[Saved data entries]
(* Let $\alpha:U\to V$ be a surjective transmission between commutative supertropical monoids, $M:=eU$, $N:=eV$, and $\gamma:=\alpha^\nu:M\to N$. (i) There exists a factorization $\alpha=\mu\circ\beta\circ\lambda$ with $\lambda$ an ideal compression of $U$, $\beta$ a strict ghost contraction, and $\mu$ a tangible fiber contraction over $N$. (ii) The factorization is essentially unique: if $\alpha=\mu'\circ\beta'\circ\lambda'$ is a second such factorization, then there exist isomorphisms of supertropical monoids $\rho$ over $M$ and $\sigma$ over $N$ such that $\lambda'=\rho\lambda$, $\mu'=\mu\sigma^{-1}$, $\beta'=\sigma\beta\rho^{-1}$. (iii) In particular one can choose $\lambda=\pi_{E(U,\mathfrak A)}:U\to\bar U:=U/E(U,\mathfrak A)$ with $\mathfrak A:=\mathfrak A_\alpha$ the ghost kernel of $\alpha$, $\beta=\pi_{F(\bar U,\gamma)}:\bar U\to W:=\bar U/F(\bar U,\gamma)$, and $\mu:W\to V$ the resulting tangible fiber contraction over $N$ with $\alpha=\mu\beta\lambda$.
   Context: All monoids are commutative. A supertropical monoid is a monoid $(U,\cdot)$ with absorbing element $0$ and distinguished idempotent $e$ with $ex=0\Rightarrow x=0$, together with a total ordering on $M:=eU$, compatible with multiplication and with $0$ least, making $M$ a bipotent semiring (addition $=\max$). Tangible elements: $\mathcal T(U):=U\setminus eU$. A transmission $\alpha:U\to V$ is a map with $\alpha(0)=0$, $\alpha(1)=1$, $\alpha(xy)=\alpha(x)\alpha(y)$, $\alpha(e_U)=e_V$, and order-preserving on $eU$; its ghost part $\alpha^\nu:eU\to eV$ is its restriction; ghost kernel $\mathfrak A_\alpha:=\{x:\alpha(x)\in eV\}$, zero kernel $\mathfrak z_\alpha:=\alpha^{-1}(0)$. An isomorphism over $M$ is an isomorphism whose ghost part is the identity of $M$. A fiber contraction is a surjective transmission whose ghost part is an isomorphism; it is ''over $M$'' if $eV=eU=M$ and the ghost part is $\mathrm{id}_M$. An ideal compression is a fiber contraction over $M$ mapping $U\setminus\mathfrak A_\alpha$ bijectively onto $V\setminus N=\mathcal T(V)$. A transmission is tangible if $\alpha(\mathcal T(U))\subset\mathcal T(V)\cup\{0\}$. A ghost contraction is a transmission $\alpha$ whose ghost part maps $M$ onto $N$ and which maps $U\setminus(M\cup\mathfrak z_\alpha)$ bijectively onto $\mathcal T(V)$; it is strict if $\alpha^{-1}(0)\subset M$. For an equivalence relation $E$ on $U$ that is a TE-relation (multiplicative, order compatible on $M$, and $ex\sim_E0\Rightarrow x\sim_E0$), $U/E$ carries the unique supertropical monoid structure making $\pi_E:x\mapsto[x]_E$ a transmission. For an ideal $\mathfrak A\supseteq M$ of $U$, $E(U,\mathfrak A)$ is the TE-relation: $x\sim y$ iff $x=y$, or $x,y\in\mathfrak A$ and $ex=ey$; the ghost ideal of $U/E(U,\mathfrak A)$ is identified with $M$. For a surjective semiring homomorphism $\gamma:M\to N$, $F(U,\gamma)$ is the TE-relation: $x\sim y$ iff $x=y$, or $x,y\in M$ with $\gamma(x)=\gamma(y)$, or $\gamma(ex)=\gamma(ey)=0$; the ghost ideal of $U/F(U,\gamma)$ is identified with $N$. *)

Record STM := mkSTM {
  car :> Type;
  mul : car -> car -> car;
  one : car;
  zero : car;
  gh : car;
  le : car -> car -> Prop;
  mulA : forall x y z, mul x (mul y z) = mul (mul x y) z;
  mulC : forall x y, mul x y = mul y x;
  mul1x : forall x, mul one x = x;
  mul0x : forall x, mul zero x = zero;
  gh_idem : mul gh gh = gh;
  gh_faithful : forall x, mul gh x = zero -> x = zero;
  le_refl : forall a, le (mul gh a) (mul gh a);
  le_antisym : forall a b, le (mul gh a) (mul gh b) -> le (mul gh b) (mul gh a) ->
                 mul gh a = mul gh b;
  le_trans : forall a b c, le (mul gh a) (mul gh b) -> le (mul gh b) (mul gh c) ->
                 le (mul gh a) (mul gh c);
  le_total : forall a b, le (mul gh a) (mul gh b) \/ le (mul gh b) (mul gh a);
  le_mul : forall a b c, le (mul gh a) (mul gh b) ->
                 le (mul (mul gh a) (mul gh c)) (mul (mul gh b) (mul gh c));
  le_0 : forall a, le zero (mul gh a)
}.

Arguments mul {s}.
Arguments one {s}.
Arguments zero {s}.
Arguments gh {s}.
Arguments le {s}.

Section Defs.
Context {U V : STM}.

Definition ghost {X : STM} (x : X) : Prop := exists y, x = mul gh y.
Definition tangible {X : STM} (x : X) : Prop := ~ ghost x.

Definition surj {A B : Type} (f : A -> B) : Prop := forall b, exists a, f a = b.

Definition transmission (a : U -> V) : Prop :=
  a zero = zero /\ a one = one /\ (forall x y, a (mul x y) = mul (a x) (a y)) /\
  a gh = gh /\
  (forall x y, ghost x -> ghost y -> le x y -> le (a x) (a y)).

Definition ghost_kernel (a : U -> V) (x : U) : Prop := ghost (a x).
Definition zero_kernel (a : U -> V) (x : U) : Prop := a x = zero.

Definition ghost_part_iso (a : U -> V) : Prop :=
  (forall x y, ghost x -> ghost y -> a x = a y -> x = y) /\
  (forall w, ghost w -> exists x, ghost x /\ a x = w) /\
  (forall x y, ghost x -> ghost y -> le (a x) (a y) -> le x y).

Definition fiber_contraction (a : U -> V) : Prop :=
  transmission a /\ surj a /\ ghost_part_iso a.

Definition ideal_compression (a : U -> V) : Prop :=
  fiber_contraction a /\
  (forall x y, ~ ghost_kernel a x -> ~ ghost_kernel a y -> a x = a y -> x = y) /\
  (forall x, ~ ghost_kernel a x -> tangible (a x)) /\
  (forall w, tangible w -> exists x, ~ ghost_kernel a x /\ a x = w).

Definition tangible_trans (a : U -> V) : Prop :=
  forall x, tangible x -> tangible (a x) \/ a x = zero.

Definition ghost_contraction (a : U -> V) : Prop :=
  transmission a /\
  (forall w, ghost w -> exists x, ghost x /\ a x = w) /\
  (forall x y, tangible x -> ~ zero_kernel a x -> tangible y -> ~ zero_kernel a y ->
      a x = a y -> x = y) /\
  (forall x, tangible x -> ~ zero_kernel a x -> tangible (a x)) /\
  (forall w, tangible w -> exists x, tangible x /\ ~ zero_kernel a x /\ a x = w).

Definition strict_gc (a : U -> V) : Prop :=
  ghost_contraction a /\ (forall x, zero_kernel a x -> ghost x).

Definition E_rel (A : U -> Prop) (x y : U) : Prop :=
  x = y \/ (A x /\ A y /\ mul gh x = mul gh y).

(* the relation F(U, g), g only relevant on eU *)
Definition F_rel (g : U -> V) (x y : U) : Prop :=
  x = y \/ (ghost x /\ ghost y /\ g x = g y) \/
  (g (mul gh x) = zero /\ g (mul gh y) = zero).

Definition kernel_is {A B : Type} (f : A -> B) (R : A -> A -> Prop) : Prop :=
  forall x y, f x = f y <-> R x y.

End Defs.

Definition st_iso {U V : STM} (a : U -> V) (b : V -> U) : Prop :=
  transmission a /\ transmission b /\ (forall x, b (a x) = x) /\ (forall y, a (b y) = y).

Definition is_factorization {U X W V : STM} (alpha : U -> V)
  (lam : U -> X) (bet : X -> W) (mu : W -> V) : Prop :=
  ideal_compression lam /\ strict_gc bet /\ fiber_contraction mu /\
  tangible_trans mu /\ (forall x, alpha x = mu (bet (lam x))).

(* In a factorization alpha = mu o beta o lambda, the maps lambda and beta o lambda are
   pinned down by alpha.  Strictness of beta and tangibility of mu force lambda u to be
   ghost exactly when alpha u is; hence lambda identifies u and v iff u = v or both lie in
   the ghost kernel A of alpha with eu = ev, and beta o lambda identifies them iff u = v or
   both lie in A with alpha u = alpha v.  Since lambda and mu are bijective on ghosts, the
   orders on the ghost images are read off from eU and eV.  So the lambda's and the
   (beta o lambda)'s of two factorizations have equal kernels and orders, which yields the
   isomorphisms rho and sigma.  Conversely, both relations are TE-relations, and the
   quotients of U by them (the second one taken directly on U rather than on U/E(U,A)),
   with the induced maps, form a factorization of the required kind. *)

From Stdlib Require Import Classical ClassicalEpsilon ProofIrrelevance
  FunctionalExtensionality PropExtensionality.

Section Basics.
Context {X : STM}.

Lemma gh_zero : mul gh (@zero X) = zero.
Proof. rewrite mulC. apply mul0x. Qed.

Lemma ghost_zero : ghost (@zero X).
Proof. exists zero. now rewrite gh_zero. Qed.

Lemma gh_ghK (x : X) : mul gh (mul gh x) = mul gh x.
Proof. now rewrite mulA, gh_idem. Qed.

Lemma gh_mul (x y : X) : mul gh (mul x y) = mul (mul gh x) (mul gh y).
Proof. now rewrite !mulA, (mulC _ (mul gh x) gh), gh_ghK. Qed.

Lemma ghost_gh (x : X) : ghost (mul gh x).
Proof. now exists x. Qed.

Lemma ghost_ghK (x : X) : ghost x -> mul gh x = x.
Proof. intros [y ->]. apply gh_ghK. Qed.

End Basics.

Section Transmissions.
Context {U V : STM} (a : U -> V).

Lemma transmission_gh x : transmission a -> a (mul gh x) = mul gh (a x).
Proof. intros (_ & _ & a_mul & a_gh & _). now rewrite a_mul, a_gh. Qed.

Lemma transmission_ghost x : transmission a -> ghost x -> ghost (a x).
Proof. intros Ta [y ->]. rewrite transmission_gh by exact Ta. apply ghost_gh. Qed.

Lemma fiber_contraction_zero x : fiber_contraction a -> a x = zero -> x = zero.
Proof.
  intros (Ta & _ & a_inj & _) ax0. apply gh_faithful, a_inj.
  - apply ghost_gh.
  - apply ghost_zero.
  - rewrite transmission_gh, ax0, gh_zero by exact Ta. symmetry. apply Ta.
Qed.

Lemma fiber_contraction_le x y : fiber_contraction a -> ghost x -> ghost y ->
  (le (a x) (a y) <-> le x y).
Proof.
  intros (Ta & _ & _ & _ & a_refl) Gx Gy. split.
  - now apply a_refl.
  - now apply Ta.
Qed.

End Transmissions.

Lemma transmission_comp {U V W : STM} (a : U -> V) (b : V -> W) :
  transmission a -> transmission b -> transmission (fun x => b (a x)).
Proof.
  intros Ta Tb. pose proof Ta as (a0 & a1 & a_mul & a_gh & a_le).
  destruct Tb as (b0 & b1 & b_mul & b_gh & b_le).
  repeat split; intros; rewrite ?a0, ?a1, ?a_mul, ?a_gh; auto.
  apply b_le; auto using transmission_ghost.
Qed.

Lemma factor_through_surj {U X X' : Type} (f : U -> X) (f' : U -> X') :
  surj f -> (forall u v, f u = f v -> f' u = f' v) ->
  {h : X -> X' | forall u, h (f u) = f' u}.
Proof.
  intros Sf f_ker.
  exists (fun c => f' (proj1_sig (constructive_indefinite_description _ (Sf c)))).
  intros u. destruct (constructive_indefinite_description _ (Sf (f u))) as [v fv].
  now apply f_ker.
Qed.

Lemma induced_transmission {U X X' : STM} (f : U -> X) (f' : U -> X') (h : X -> X') :
  transmission f -> surj f -> transmission f' -> (forall u, h (f u) = f' u) ->
  (forall c d, ghost c -> ghost d -> le c d -> le (h c) (h d)) -> transmission h.
Proof.
  intros (f0 & f1 & f_mul & f_gh & _) Sf (f'0 & f'1 & f'_mul & f'_gh & _) hf h_le.
  repeat split; auto.
  - now rewrite <- f0, hf.
  - now rewrite <- f1, hf.
  - intros c d. destruct (Sf c) as [u <-], (Sf d) as [v <-].
    now rewrite <- f_mul, !hf.
  - now rewrite <- f_gh, hf.
Qed.

(* [E_rel A] is [ideal_rel (mul gh) A]. *)
Definition ideal_rel {U Y : STM} (g : U -> Y) (A : U -> Prop) (x y : U) : Prop :=
  x = y \/ (A x /\ A y /\ g x = g y).

Section IdealRel.
Context {U Y : STM} (g : U -> Y) (A : U -> Prop).

Lemma ideal_rel_refl x : ideal_rel g A x x.
Proof. now left. Qed.

Lemma ideal_rel_sym x y : ideal_rel g A x y -> ideal_rel g A y x.
Proof. intros [-> | (Ax & Ay & gxy)]; [now left | right; auto]. Qed.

**TASK DETAILS:**
In the entries above, the lines between the one holding "Definition F_rel (g" and the one holding "isomorphisms rho and", inclusive, are to be printed exactly as written, and those alone.

**FINISHED EXERCISE:**
Definition F_rel (g : U -> V) (x y : U) : Prop :=
  x = y \/ (ghost x /\ ghost y /\ g x = g y) \/
  (g (mul gh x) = zero /\ g (mul gh y) = zero).

Definition kernel_is {A B : Type} (f : A -> B) (R : A -> A -> Prop) : Prop :=
  forall x y, f x = f y <-> R x y.

End Defs.

Definition st_iso {U V : STM} (a : U -> V) (b : V -> U) : Prop :=
  transmission a /\ transmission b /\ (forall x, b (a x) = x) /\ (forall y, a (b y) = y).

Definition is_factorization {U X W V : STM} (alpha : U -> V)
  (lam : U -> X) (bet : X -> W) (mu : W -> V) : Prop :=
  ideal_compression lam /\ strict_gc bet /\ fiber_contraction mu /\
  tangible_trans mu /\ (forall x, alpha x = mu (bet (lam x))).

(* In a factorization alpha = mu o beta o lambda, the maps lambda and beta o lambda are
   pinned down by alpha.  Strictness of beta and tangibility of mu force lambda u to be
   ghost exactly when alpha u is; hence lambda identifies u and v iff u = v or both lie in
   the ghost kernel A of alpha with eu = ev, and beta o lambda identifies them iff u = v or
   both lie in A with alpha u = alpha v.  Since lambda and mu are bijective on ghosts, the
   orders on the ghost images are read off from eU and eV.  So the lambda's and the
   (beta o lambda)'s of two factorizations have equal kernels and orders, which yields the
   isomorphisms rho and sigma.  Conversely, both relations are TE-relations, and the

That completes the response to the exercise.